#### Task description
Quote the entries below from the line with "by rewrite ltnNge" through the line with "Definition commonf j", both ends included, and only those lines.

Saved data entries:
+++
Local Notation a := (size imfDg).
Local Notation b := (size imfIg).
Local Notation c := (size imgDf).

Lemma mem_imfDg k : (k \in imfDg) = (k \in codom f) && (k \notin codom g).
Proof. by rewrite mem_filter mem_enum andbT. Qed.

Lemma mem_imfIg k : (k \in imfIg) = (k \in codom f) && (k \in codom g).
Proof. by rewrite mem_filter mem_enum andbT. Qed.

Lemma mem_imgDf k : (k \in imgDf) = (k \notin codom f) && (k \in codom g).
Proof. by rewrite mem_filter mem_enum andbT. Qed.

Lemma uniq_imfUg : uniq imfUg.
Proof.
have uniq_part (P : pred 'I_n) : uniq [seq k <- enum 'I_n | P k].
  exact/filter_uniq/enum_uniq.
rewrite !cat_uniq !uniq_part /= !andbT; apply/andP; split; apply/hasPn => k;
  rewrite ?mem_cat ?mem_imfDg mem_imfIg mem_imgDf;
  by case: (k \in codom f); case: (k \in codom g).
Qed.

Lemma size_imfUg : size imfUg == a + b + c.
Proof. by rewrite !size_cat addnA. Qed.

Definition imfUg_enum (k : 'I_(a + b + c)) : 'I_n := tnth (Tuple size_imfUg) k.

Lemma imfUg_enum_inj : injective imfUg_enum.
Proof. exact/tuple_uniqP/uniq_imfUg. Qed.

Lemma imfUg_enum_index (k : 'I_(a + b + c)) x :
  x \in imfUg -> k = index x imfUg :> nat -> imfUg_enum k = x.
Proof. by move=> x_in Ek; rewrite /imfUg_enum (tnth_nth x) Ek nth_index. Qed.

Lemma imfUg_enum_imfIg (j : 'I_b) :
  imfUg_enum (incl_l (a + b) c (incl_r a b j)) = tnth (in_tuple imfIg) j.
Proof.
pose x0 := tnth (in_tuple imfIg) j.
rewrite /imfUg_enum (tnth_nth x0) [RHS](tnth_nth x0) [nth _ imfUg _]nth_cat.
by rewrite ltnNge leq_addr addKn nth_cat ltn_ord.
Qed.

Lemma coordf_subproof i : index (f i) imfUg < a + b.
Proof.
rewrite index_cat; case: ifP => [fi_in | /negbT].
  by rewrite ltn_addr // index_mem.
rewrite mem_imfDg codom_f negbK => fi_g.
rewrite ltn_add2l index_cat mem_imfIg codom_f fi_g.
by rewrite index_mem mem_imfIg codom_f.
Qed.

Lemma coordg_subproof j : index (g j) imfUg - a < b + c.
Proof.
rewrite index_cat mem_imfDg codom_f andbF addKn -size_cat index_mem mem_cat.
by rewrite mem_imfIg mem_imgDf codom_f; case: (g j \in codom f).
Qed.

Definition coordf i : 'I_(a + b) := Ordinal (coordf_subproof i).
Definition coordg j : 'I_(b + c) := Ordinal (coordg_subproof j).

Lemma imfUg_enum_coordf i : imfUg_enum (incl_l (a + b) c (coordf i)) = f i.
Proof.
apply: imfUg_enum_index => //; rewrite !mem_cat mem_imfDg mem_imfIg codom_f.
by case: (f i \in codom g).
Qed.

Lemma imfUg_enum_coordg j : imfUg_enum (incl_lr a b c (coordg j)) = g j.
Proof.
apply: imfUg_enum_index; last first.
  by rewrite /= subnKC // index_cat mem_imfDg codom_f andbF leq_addr.
rewrite !mem_cat mem_imfIg mem_imgDf codom_f !andbT.
by case: (g j \in codom f); rewrite ?orbT.
Qed.

Lemma imfIg_codomf j : tnth (in_tuple imfIg) j \in codom f.
Proof. by have := mem_tnth j (in_tuple imfIg); rewrite mem_imfIg => /andP[]. Qed.

Lemma imfIg_codomg j : tnth (in_tuple imfIg) j \in codom g.
Proof. by have := mem_tnth j (in_tuple imfIg); rewrite mem_imfIg => /andP[]. Qed.

Definition commonf j : 'I_m := iinv (imfIg_codomf j).
Definition commong j : 'I_m' := iinv (imfIg_codomg j).

Lemma commonfK j : f (commonf j) = tnth (in_tuple imfIg) j.
Proof. exact: f_iinv. Qed.

Lemma commongK j : g (commong j) = tnth (in_tuple imfIg) j.
Proof. exact: f_iinv. Qed.

Lemma tnth_imfIg_inj : injective (tnth (in_tuple imfIg)).
Proof. exact/tuple_uniqP/filter_uniq/enum_uniq. Qed.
+++
#### Solved exercise
by rewrite ltnNge leq_addr addKn nth_cat ltn_ord.
Qed.

Lemma coordf_subproof i : index (f i) imfUg < a + b.
Proof.
rewrite index_cat; case: ifP => [fi_in | /negbT].
  by rewrite ltn_addr // index_mem.
rewrite mem_imfDg codom_f negbK => fi_g.
rewrite ltn_add2l index_cat mem_imfIg codom_f fi_g.
by rewrite index_mem mem_imfIg codom_f.
Qed.

Lemma coordg_subproof j : index (g j) imfUg - a < b + c.
Proof.
rewrite index_cat mem_imfDg codom_f andbF addKn -size_cat index_mem mem_cat.
by rewrite mem_imfIg mem_imgDf codom_f; case: (g j \in codom f).
Qed.

Definition coordf i : 'I_(a + b) := Ordinal (coordf_subproof i).
Definition coordg j : 'I_(b + c) := Ordinal (coordg_subproof j).

Lemma imfUg_enum_coordf i : imfUg_enum (incl_l (a + b) c (coordf i)) = f i.
Proof.
apply: imfUg_enum_index => //; rewrite !mem_cat mem_imfDg mem_imfIg codom_f.
by case: (f i \in codom g).
Qed.

Lemma imfUg_enum_coordg j : imfUg_enum (incl_lr a b c (coordg j)) = g j.
Proof.
apply: imfUg_enum_index; last first.
  by rewrite /= subnKC // index_cat mem_imfDg codom_f andbF leq_addr.
rewrite !mem_cat mem_imfIg mem_imgDf codom_f !andbT.
by case: (g j \in codom f); rewrite ?orbT.
Qed.

Lemma imfIg_codomf j : tnth (in_tuple imfIg) j \in codom f.
Proof. by have := mem_tnth j (in_tuple imfIg); rewrite mem_imfIg => /andP[]. Qed.

Lemma imfIg_codomg j : tnth (in_tuple imfIg) j \in codom g.
Proof. by have := mem_tnth j (in_tuple imfIg); rewrite mem_imfIg => /andP[]. Qed.

Definition commonf j : 'I_m := iinv (imfIg_codomf j).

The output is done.